= Problem =
Quote, with no changes, the lines that run from the top of the material to the line with "ltac:(lra)) as HI.", both included.

Excerpted data Start Marker

Lemma tr_sq_defect_nsym_nonneg C g v : posdef3 g -> nonzero3 v -> quad3 (nsym C) v = 0 ->
  0 <= tr_sq_defect (mx_mul g (nsym C)).
Proof.
  intros Hp Hv Hq. destruct (posdef3_gram g Hp) as [E [HE Hd]].
  rewrite (tr_sq_defect_similar g E _ HE).
  set (w := fun a => sum3 (fun i => inv3 E i a * v i)).
  assert (Hw : forall k, (k < 3)%nat -> sum3 (fun a => E a k * w a) = v k).
  { intros k Hk. pose proof (inv3_mul_l E ltac:(lra)) as HI.
    transitivity (sum3 (fun i => v i * sum3 (fun a => inv3 E i a * E a k))).
    { unfold w. expand3. ring. }
    unfold sum3 at 1. rewrite !HI by lia. destruct3 k; cbn; ring. }
  apply (tr_sq_defect_nonneg _ w (mx_conj_symmetric _ _ (nsym_symmetric C))).
  - destruct (nonzero3_dec w) as [Hn|[h0 [h1 h2]]]; [exact Hn|].
    exfalso. destruct Hv as [k [Hk Hvk]]. apply Hvk. rewrite <- (Hw k Hk). expand3. rewrite h0, h1, h2. ring.
  - rewrite quad3_mx_conj, <- Hq. apply quad3_ext. exact Hw.
Qed.

Definition jacobi_012 (C : SC) (m : nat) : R :=
  sum3 (fun l => C l 0%nat 1%nat * C m l 2%nat + C l 1%nat 2%nat * C m l 0%nat + C l 2%nat 0%nat * C m l 1%nat).

Lemma quad3_nsym_a C :
  (forall k i j, (k < 3)%nat -> (i < 3)%nat -> (j < 3)%nat -> C k i j = - C k j i) ->
  quad3 (nsym C) (bianchi_a C) = / 2 * sum3 (fun m => bianchi_a C m * jacobi_012 C m).
Proof. intros HC. unfold quad3, nsym, bianchi_n, bianchi_a, jacobi_012. expand3. antisym3 HC. field. Qed.

Lemma isotropic_of_indefinite (n : Mat) x y : symmetric3 n -> nonzero3 x -> nonzero3 y ->
  quad3 n x <= 0 -> 0 <= quad3 n y -> exists v, nonzero3 v /\ quad3 n v = 0.
Proof.
  intros Hs Hx Hy Hqx Hqy.
  destruct (Req_dec (quad3 n x) 0) as [E|E]; [exists x; auto|].
  destruct (Req_dec (quad3 n y) 0) as [F|F]; [exists y; auto|].
  set (qx := quad3 n x) in *. set (qy := quad3 n y) in *.
  set (B := bil3 n x y).
  set (s := sqrt (B * B - qx * qy)).
  assert (Hs2 : s * s = B * B - qx * qy) by (apply sqrt_sqrt; nra).
  set (lam := (- B + s) / qy).
  set (z := fun i => x i + lam * y i).
  assert (Hz : quad3 n z = qx + 2 * lam * B + lam * lam * qy).
  { unfold z, qx, qy, B, quad3, bil3. expand3. sym3 Hs. ring. }
  assert (Hl : qy * lam = s - B) by (unfold lam; field; lra).
  exists z. split.
  - destruct (nonzero3_dec z) as [Hn|[h0 [h1 h2]]]; [exact Hn|]. exfalso.
    assert (Hxy : qx = lam * lam * qy).
    { unfold qx, qy, quad3. unfold z in h0, h1, h2. expand3.
      replace (x 0%nat) with (- lam * y 0%nat) by lra.
      replace (x 1%nat) with (- lam * y 1%nat) by lra.
      replace (x 2%nat) with (- lam * y 2%nat) by lra. ring. }
    nra.
  - rewrite Hz.
    assert (lam * (s + B) = - qx).
    { apply (Rmult_eq_reg_r qy); [|lra].
      replace (lam * (s + B) * qy) with ((qy * lam) * (s + B)) by ring. rewrite Hl. nra. }
    nra.
Qed.

(* Class B ([a <> 0]): by the Jacobi identity [a] is a null vector of [n]; class A: [n] is not definite. *)
Lemma bianchi_I_VIII_isotropic C : bianchi_I_VIII C -> exists v, nonzero3 v /\ quad3 (nsym C) v = 0.
Proof.
  intros [[HC HJ] HIX].
  destruct (classic (forall i, (i < 3)%nat -> bianchi_a C i = 0)) as [Ha|Ha].
  - assert (Hnd : ~ definite3 (bianchi_n C)) by (intro D; apply HIX; split; auto).
    apply not_or_and in Hnd. destruct Hnd as [N1 N2].
    apply not_all_ex_not in N1. destruct N1 as [x Hx].
    apply not_all_ex_not in N2. destruct N2 as [y Hy].
    apply imply_to_and in Hx. apply imply_to_and in Hy.
    destruct Hx as [Hx Hqx]. destruct Hy as [Hy Hqy].
    rewrite quad3_nsym in Hqx, Hqy.
    apply (isotropic_of_indefinite _ x y (nsym_symmetric C) Hx Hy); lra.
  - exists (bianchi_a C). split.
    + apply not_all_ex_not in Ha. destruct Ha as [i Hi]. apply imply_to_and in Hi.
      exists i. tauto.
    + rewrite quad3_nsym_a by exact HC.
      assert (J0 : jacobi_012 C 0%nat = 0) by (apply (HJ 0%nat 1%nat 2%nat 0%nat); lia).
      assert (J1 : jacobi_012 C 1%nat = 0) by (apply (HJ 0%nat 1%nat 2%nat 1%nat); lia).
      assert (J2 : jacobi_012 C 2%nat = 0) by (apply (HJ 0%nat 1%nat 2%nat 2%nat); lia).
      unfold sum3. rewrite J0, J1, J2. ring.
Qed.

Lemma Rscal_nonpos C s : bianchi_I_VIII C -> posdef3 (sg s) -> Rscal C s <= 0.
Proof.
  intros HB Hp. pose proof (posdef3_det_pos _ Hp) as Hd.
  destruct (bianchi_I_VIII_isotropic C HB) as [v [Hv Hq]].
  destruct HB as [[HC _] _].
  rewrite Rscal_eq by (destruct Hp; auto; lra).
  pose proof (tr_sq_defect_nsym_nonneg C (sg s) v Hp Hv Hq).
  pose proof (inv3_quad3_nonneg (sg s) (bianchi_a C) Hp).
  assert (0 <= tr_sq_defect (mx_mul (sg s) (nsym C)) / det3 (sg s)) by (apply Rmult_le_pos; [lra|apply Rlt_le, Rinv_0_lt_compat; lra]).
  lra.
Qed.

(** * Calculus on [0, T) *)

(* Extending [f] affinely to the left of [0] turns the one-sided derivative at [0]
   into a two-sided one, so that Stdlib's [derivable_pt_lim] calculus applies. *)
Definition extend_left (f f' : R -> R) (t : R) : R := if Rlt_dec t 0 then f 0 + t * f' 0 else f t.

Lemma extend_left_eq T f f' t : in_dom T t -> extend_left f f' t = f t.
Proof. intros [H _]. unfold extend_left. destruct (Rlt_dec t 0); [lra|reflexivity]. Qed.

Lemma in_dom_interval T t c : in_dom T t -> 0 <= c <= t -> in_dom T c.
Proof. intros [_ HT] Hc. split; [lra|]. destruct T; auto; lra. Qed.

Lemma in_dom_right_nbhd T t : in_dom T t ->
  exists r, 0 < r /\ forall h, Rabs h < r -> 0 <= t + h -> in_dom T (t + h).
Proof.
  intros [H0 HT]. destruct T as [T'|].
  - exists (T' - t). split; [lra|]. intros h Hh Hp. split; [lra|]. apply Rabs_def2 in Hh. lra.
  - exists 1. split; [lra|]. intros h Hh Hp. split; [lra|exact I].
Qed.
(* Let $n\in\mathbb{N}$ and let $u$, $F_n$, $G_{n-1}$, $H_n$ be as follows: $u$ is a smooth complex-valued function on $\mathbb{R}$; $F_n(z,x)=\sum_{j=0}^n f_{n-j}(x)z^j$, $H_n(z,x)=\sum_{j=0}^n h_{n-j}(x)z^j$ with $f_0=h_0=1$, $G_{n-1}(z,x)=\sum_{j=0}^{n-1}g_{n-1-j}(x)z^j$, with smooth coefficients, satisfying for all $z$, $x$: $F_{n,x}=-iu_xF_n-2izG_{n-1}$, $H_{n,x}=iu_xH_n+2izG_{n-1}$, $G_{n-1,x}=i(H_n-F_n)$, and $z^2G_{n-1}^2+zF_nH_n=R_{2n+1}(z)=\prod_{m=0}^{2n}(z-E_m)$ independent of $x$, where $E_0=0$ and $E_0,\dots,E_{2n}$ are pairwise distinct. Let $\mathcal{K}_n$ be the (nonsingular) curve $y^2=R_{2n+1}(z)$ compactified by $P_\infty$. Write $F_n(z,x)=\prod_{j=1}^n(z-\mu_j(x))$, $H_n(z,x)=\prod_{j=1}^n(z-\nu_j(x))$ and set $\hat\mu_j(x)=(\mu_j(x),-\mu_j(x)G_{n-1}(\mu_j(x),x))\in\mathcal{K}_n$, $\hat\nu_j(x)=(\nu_j(x),\nu_j(x)G_{n-1}(\nu_j(x),x))\in\mathcal{K}_n$. Suppose the zeros $\mu_1(x),\dots,\mu_n(x)$ are pairwise distinct for $x\in\Omega$, where $\Omega\subseteq\mathbb{R}$ is an open interval. Then $$\mu_{j,x}(x)=-2i\frac{y(\hat\mu_j(x))}{\prod_{\ell=1,\ell\neq j}^n(\mu_j(x)-\mu_\ell(x))},\qquad j=1,\dots,n,\ x\in\Omega,$$ and for any fixed $x_0\in\Omega$ and initial conditions $\hat\mu_j(x_0)\in\mathcal{K}_n$, $j=1,\dots,n$, this initial value problem has a unique solution $\{\hat\mu_j(x)\}_{j=1}^n$ with $\hat\mu_j\in C^\infty(\Omega,\mathcal{K}_n)$. The identical statements hold with $\mu$ replaced by $\nu$ (assuming the $\nu_j(x)$ pairwise distinct on $\Omega$); in particular $\nu_{j,x}(x)=-2i\,y(\hat\nu_j(x))/\prod_{\ell=1,\ell\neq j}^n(\nu_j(x)-\nu_\ell(x))$.
   Context: $y(P)$ denotes the meromorphic function on $\mathcal{K}_n$ with $y^2=R_{2n+1}(z)$; points of $\mathcal{K}_n\setminus\{P_\infty\}$ are written $P=(z,y)$. *)

From Stdlib Require Import Reals.
From Coquelicot Require Import Coquelicot.

Open Scope C_scope.

Fixpoint csum (m : nat) (a : nat -> C) : C :=
  match m with O => 0 | S k => csum k a + a k end.
Fixpoint cprod (m : nat) (a : nat -> C) : C :=
  match m with O => 1 | S k => cprod k a * a k end.
Fixpoint cpow (z : C) (k : nat) : C :=
  match k with O => 1 | S k' => cpow z k' * z end.

Definition cprod_ne (n j : nat) (a : nat -> C) : C :=
  cprod n (fun k => if Nat.eqb (S k) j then 1 else a (S k)).

Definition cpolyN (c : nat -> R -> C) (m : nat) (z : C) (x : R) : C :=
  csum m (fun j => c (m - 1 - j)%nat x * cpow z j).

Definition Rpoly (n : nat) (E : nat -> C) (z : C) : C :=
  cprod (2 * n + 1) (fun m => z - E m).
Definition dRpoly (n : nat) (E : nat -> C) (z : C) : C :=
  csum (2 * n + 1) (fun m =>
    cprod (2 * n + 1) (fun k => if Nat.eqb k m then 1 else z - E k)).

Definition smoothR_on (Om : R -> Prop) (g : R -> R) : Prop :=
  forall (k : nat) (x : R), Om x -> ex_derive_n g k x.
Definition smoothC_on (Om : R -> Prop) (g : R -> C) : Prop :=
  smoothR_on Om (fun x => Re (g x)) /\ smoothR_on Om (fun x => Im (g x)).
Definition smoothC (g : R -> C) : Prop := smoothC_on (fun _ => True) g.
Definition is_deriveC (g : R -> C) (x : R) (l : C) : Prop :=
  is_derive (fun t => Re (g t)) x (Re l) /\ is_derive (fun t => Im (g t)) x (Im l).
Definition DeriveC (g : R -> C) (x : R) : C :=
  (Derive (fun t => Re (g t)) x, Derive (fun t => Im (g t)) x).
Definition continuousC_at (g : R -> C) (x : R) : Prop :=
  continuity_pt (fun t => Re (g t)) x /\ continuity_pt (fun t => Im (g t)) x.

Definition open_rbar_interval (a b : Rbar) (x : R) : Prop :=
  Rbar_lt a x /\ Rbar_lt x b.

(* Points of K_n \ {P_oo} are pairs (z,y) with y^2 = R_{2n+1}(z);
   y(P) = snd P.  A family p_1..p_n of curves x |-> p j x = (z_j(x), y_j(x)).
   The Dubrovin vector field on K_n, written in the affine coordinates (z,y):
     z_j' = -2i y_j / prod_{l<>j} (z_j - z_l),
     y_j' = -i R'(z_j) / prod_{l<>j} (z_j - z_l)
   (the y-equation is the one induced on K_n by y^2 = R(z)). *)
Definition dub_denom (n : nat) (p : nat -> C * C) (j : nat) : C :=
  cprod_ne n j (fun l => fst (p j) - fst (p l)).

Definition dubrovin_solution (n : nat) (E : nat -> C) (Om : R -> Prop)
    (p : nat -> R -> C * C) : Prop :=
  forall j : nat, (1 <= j <= n)%nat ->
    smoothC_on Om (fun x => fst (p j x)) /\
    smoothC_on Om (fun x => snd (p j x)) /\
    forall x : R, Om x ->
      snd (p j x) * snd (p j x) = Rpoly n E (fst (p j x)) /\
      (forall l : nat, (1 <= l <= n)%nat -> l <> j -> fst (p j x) <> fst (p l x)) /\
      is_deriveC (fun t => fst (p j t)) x
        (- (2 * Ci) * snd (p j x) / dub_denom n (fun k => p k x) j) /\
      is_deriveC (fun t => snd (p j t)) x
        (- Ci * dRpoly n E (fst (p j x)) / dub_denom n (fun k => p k x) j).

Excerpted data End Marker

= Exercise response =
Lemma tr_sq_defect_nsym_nonneg C g v : posdef3 g -> nonzero3 v -> quad3 (nsym C) v = 0 ->
  0 <= tr_sq_defect (mx_mul g (nsym C)).
Proof.
  intros Hp Hv Hq. destruct (posdef3_gram g Hp) as [E [HE Hd]].
  rewrite (tr_sq_defect_similar g E _ HE).
  set (w := fun a => sum3 (fun i => inv3 E i a * v i)).
  assert (Hw : forall k, (k < 3)%nat -> sum3 (fun a => E a k * w a) = v k).
  { intros k Hk. pose proof (inv3_mul_l E ltac:(lra)) as HI.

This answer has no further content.